También resulta posible que García Ortiz sea condenado. Y aquí es imprescindible aclarar, ante la interesada confusión generada por multitud de medios de comunicación, que el sistema procesal español permite condenar a alguien aunque no aparezcan pruebas directas de su participación en los hechos delictivos enjuiciados, acudiendo a lo que se llama «pruebas indiciarias». Máxime cuando las pruebas directas fueron eliminadas por el acusado y sus colaboradores en los hechos investigados, pues nadie recuerda nada y todos han borrado mensajes o correos y cambiado sus terminales telefónicas. Sostener que solo se puede condenar con pruebas directas consagraría la barbaridad penal de que un asesino nunca pueda ser condenado si ha hecho desaparecer el arma del crimen.

La doctrina penal y la jurisprudencia españolas se han ocupado de determinar la aplicabilidad de las llamadas «pruebas indiciarias». Son pruebas circunstanciales o indirectas mediante las cuales el Tribunal puede considerar acreditado un hecho cuando –entre unas y otro– exista un enlace preciso y directo según las reglas del razonamiento humano. La jurisprudencia exige para su consideración que existan varios indicios, que estén plenamente acreditados, que haya racionalidad en la inferencia o conclusión obtenida de ellos, y que se motive justificadamente dicho razonamiento. Y es un hecho indudable que están aflorando ante el Tribunal Supremo indicios poderosos: la declaración de la fiscal Lastra («Álvaro habéis filtrado los correos») , la del fiscal Salto (explicando que le sacaron del estadio Metropolitano durante un partido de Champions para enviar urgentemente los correos al email particular del fiscal general, que al poco fueron publicados en prensa), la de Lobato (que se fue a un notario para dejar constancia de la información sospechosa recibida desde Moncloa con orden de usarla contra Ayuso), o la de Mar Hedo, jefa de prensa de la fiscalía general, diciendo que García Ortiz le dictó en persona la nota de prensa que revelaba datos tributarios secretos de González Amador.

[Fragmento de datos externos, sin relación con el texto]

Section AlgorithmX.
Variables (R : realType) (n N : nat).
(* the N+1 functions f_1..f_{N+1} are indexed by 'I_N.+1 (so there is at least one) *)
Variable f : 'I_N.+1 -> 'cV[R]_n -> R.

Definition enorm (v : 'cV[R]_n) : R := Num.sqrt (\sum_(i < n) v i 0 ^+ 2).

Definition grad (g : 'cV[R]_n -> R) (x : 'cV[R]_n) : 'cV[R]_n :=
  \col_i ('D_(delta_mx i 0) g x).

Definition Phi (x : 'cV[R]_n) : R := \big[Num.max/f ord0 x]_(j < N.+1) f j x.

Definition dirder (g : 'cV[R]_n -> R) (x d : 'cV[R]_n) : R :=
  lim ((fun t : R => (g (x + t *: d) - g x) / t) @ 0^'+).

Definition Gmat (x : 'cV[R]_n) : 'M[R]_(N.+1, n) := \matrix_(j, i) grad (f j) x i 0.
Definition fvec (x : 'cV[R]_n) : 'cV[R]_(N.+1) := \col_j f j x.

Definition qp_obj (x : 'cV[R]_n) (l : 'cV[R]_(N.+1)) : R :=
  2^-1 * (l^T *m Gmat x *m (Gmat x)^T *m l) 0 0 - ((fvec x)^T *m l) 0 0.

Definition simplex (l : 'cV[R]_(N.+1)) : Prop :=
  \sum_(i < N.+1) l i 0 = 1 /\ forall i, 0 <= l i 0.

Definition qp_solution (x : 'cV[R]_n) (l : 'cV[R]_(N.+1)) : Prop :=
  simplex l /\ forall mu, simplex mu -> qp_obj x l <= qp_obj x mu.

Definition pdir (x : 'cV[R]_n) (l : 'cV[R]_(N.+1)) : 'cV[R]_n := - ((Gmat x)^T *m l).

Definition ddir (x : 'cV[R]_n) (l : 'cV[R]_(N.+1)) : 'cV[R]_n :=
  if pdir x l == 0 then 0 else (enorm (pdir x l))^-1 *: pdir x l.

Definition c_param : R := 2^-1.
Definition sigma_param : R := 2^-1.

Definition armijo (x d : 'cV[R]_n) (j : nat) : Prop :=
  Phi (x + sigma_param ^+ j *: d) < Phi x + c_param * sigma_param ^+ j * dirder Phi x d.

(* iterate k x : x is a possible k-th iterate x_k of Algorithm X
   (for some choice of QP solutions at the previous iterations);
   the step uses the least j at which the loop stops. *)
Inductive iterate : nat -> 'cV[R]_n -> Prop :=
| iterate0 : iterate 0 0
| iterateS k x l j :
    iterate k x -> qp_solution x l ->
    (ddir x l = 0 -> j = 0%N) ->
    (ddir x l != 0 -> armijo x (ddir x l) j /\ forall i, (i < j)%N -> ~ armijo x (ddir x l) i) ->
    iterate k.+1 (x + sigma_param ^+ j *: ddir x l).

End AlgorithmX.

From HB Require Import structures.
From mathcomp Require Import all_boot all_order all_algebra.
From mathcomp Require Import all_classical all_reals all_analysis.
From mathcomp Require Import ring lra.
Import Order.TTheory GRing.Theory Num.Theory.
Import numFieldNormedType.Exports.
Local Open Scope ring_scope.
Local Open Scope classical_set_scope.

(* Testing the optimality of the QP solution [l] against the vertex [e_j] of the
   simplex, for an active index [j] (f_j(x) = Phi(x)), gives
   [grad f_j(x) . p <= - |p|^2] with [p = - G^T l]; so [d = p / |p|] is a strict
   descent direction of every active [f_j].  Near [t = 0+] only active indices
   realise the max along [x + t d] (by continuity), so the difference quotients of
   [Phi] converge to the max of [grad f_j(x) . d] over active [j] (Danskin), which
   is negative.  As [c < 1], the quotients along [t = sigma^m -> 0] eventually drop
   below [c Phi'(x; d)]. *)

Section FiniteMax.
Context {R : realType}.

Lemma bigmax_attained {I : Type} (r : seq I) (P : pred I) (F : I -> R) (i0 : I) :
  exists a, \big[Num.max/F i0]_(i <- r | P i) F i = F a.
Proof.
elim/big_ind: _ => [|u v [a ->] [b ->]|a _]; try by eexists.
by rewrite maxEle; case: ifP => _; eexists.
Qed.

Lemma max_homo (h : R -> R) : {homo h : u v / u <= v} ->
  {morph h : u v / Num.max u v}.
Proof.
move=> h_homo u v; case: (leP u v) => [uv|/ltW vu].
  by rewrite !max_r ?h_homo.
by rewrite !max_l ?h_homo.
Qed.

Lemma bigmax_homo (h : R -> R) : {homo h : u v / u <= v} ->
  forall (I : Type) (r : seq I) (P : pred I) (F : I -> R) x,
  h (\big[Num.max/x]_(i <- r | P i) F i) = \big[Num.max/h x]_(i <- r | P i) h (F i).
Proof.
by move=> h_homo I r P F x; rewrite (big_morph h (max_homo h h_homo) (erefl (h x))).
Qed.

Lemma cvg_bigmax (T : Type) (F : set_system T) {FF : Filter F} (I : Type)
    (r : seq I) (P : pred I) (h : I -> T -> R) (h0 : T -> R) (l : I -> R) (l0 : R) :
  h0 @ F --> l0 -> (forall i, P i -> h i @ F --> l i) ->
  (fun t => \big[Num.max/h0 t]_(i <- r | P i) h i t) @ F -->
    \big[Num.max/l0]_(i <- r | P i) l i.
Proof.
move=> h0l0 hl; elim: r => [|i r IH].
  by rewrite big_nil; under eq_fun do rewrite big_nil.
rewrite big_cons; under eq_fun do rewrite big_cons.
case: (boolP (P i)) => // Pi.
apply: (@continuous2_cvg _ R R R _ _ _ _ (fun u v => Num.max u v)) => //; last exact: hl.
exact: (@max_continuous _ R (l i, _)).
Qed.

End FiniteMax.

Section Danskin.
Context {R : realType} {I : finType} (i0 : I) {g : I -> R -> R} {y D : I -> R}.
Hypothesis g_cvg : forall j, g j @ 0^'+ --> y j.
Hypothesis g_dq : forall j, (fun t => (g j t - y j) / t) @ 0^'+ --> D j.

Let ymax := \big[Num.max/y i0]_j y j.
Let active j := y j == ymax.

Lemma bigmax_near_active a : y a = ymax ->
  \forall t \near 0^'+,
    \big[Num.max/g i0 t]_j g j t = \big[Num.max/g a t]_(j | active j) g j t.
Proof.
move=> ya.
have inactive_below : \forall t \near 0^'+, forall j, ~~ active j -> g j t < g a t.
  apply: filter_forall => j; case: (boolP (active j)) => [_|yj]; first exact: nearW.
  have gap : 0 < y a - y j.
    by rewrite subr_gt0 ya lt_neqAle yj le_bigmax.
  near=> t => _; rewrite -subr_gt0; near: t.
  exact: (cvgr_gt _ (cvgB (g_cvg a) (g_cvg j))).
near=> t; have below : forall j, ~~ active j -> g j t < g a t by near: t.
have le_active j : g j t <= \big[Num.max/g a t]_(i | active i) g i t.
  case: (boolP (active j)) => [aj|/below/ltW gj]; first exact: le_bigmax_cond.
  by rewrite (le_trans gj) ?bigmax_ge_id.
apply/le_anti/andP; split; first exact: bigmax_le.
by apply: bigmax_le => [|j _]; exact: le_bigmax.
Unshelve. all: by end_near.
Qed.

Lemma dq_bigmax_cvg a : y a = ymax ->
  (fun t => (\big[Num.max/g i0 t]_j g j t - ymax) / t) @ 0^'+ -->
    \big[Num.max/D a]_(j | active j) D j.
Proof.
move=> ya.
apply: cvg_trans (@cvg_bigmax _ _ _ _ _ _ active
  (fun j t => (g j t - y j) / t) _ _ _ (g_dq a) (fun j _ => g_dq j)).
apply: near_eq_cvg; near=> t.
have t_gt0 : 0 < t by near: t; exact: nbhs_right_gt.
have h_homo : {homo (fun v => (v - ymax) / t) : u v / u <= v}.
  by move=> u v uv; rewrite ler_pM2r ?invr_gt0 // lerD2r.
rewrite (near (bigmax_near_active a ya) t) // (bigmax_homo _ h_homo) ya.
by apply: eq_bigr => j /eqP ->.
Unshelve. all: by end_near.
Qed.

End Danskin.

Section AlongRay.
Context {R : realType} {V : normedModType R}.
Implicit Types (g : V -> R) (x d : V).

Lemma cvg_along_ray {g x} d : {for x, continuous g} -> g (x + t *: d) @[t --> 0^'+] --> g x.
Proof.
move=> g_cont; apply: cvg_at_right_filter.
have ray_cvg : x + t *: d @[t --> 0] --> x.
  rewrite -[X in _ --> X]addr0; apply: cvgD; first exact: cvg_cst.
  by rewrite -(scale0r d); apply: cvgZr_tmp; exact: cvg_id.
exact: cvg_comp ray_cvg g_cont.
Qed.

La decisión del Tribunal Supremo estará hasta el final en el alero, pero pocos podrán salir honrosos de este tremendo juicio. Ni la Fiscalía que, sonrojantes aplausos al reo aparte, exhibe el terrible papelón de un acusado que no dimitió de su cargo sentado junto a las defensas y su propia subordinada, la teniente fiscal, quien actúa como defensora y no como acusación. Ni la prensa afín al Gobierno, pues todos han tirado la piedra y escondido la mano, excusando en el olvido y un secreto profesional selectivo su gratitud por exclusivas recibidas. Ni algunos servidores públicos, como la amnésica Sánchez Acera, tal vez la más cercana representación de un falso testimonio que en años se haya podido contemplar. Ni la propia Abogacía del Estado, cuyo viejo y ganado prestigio lo está dilapidando en este albañal.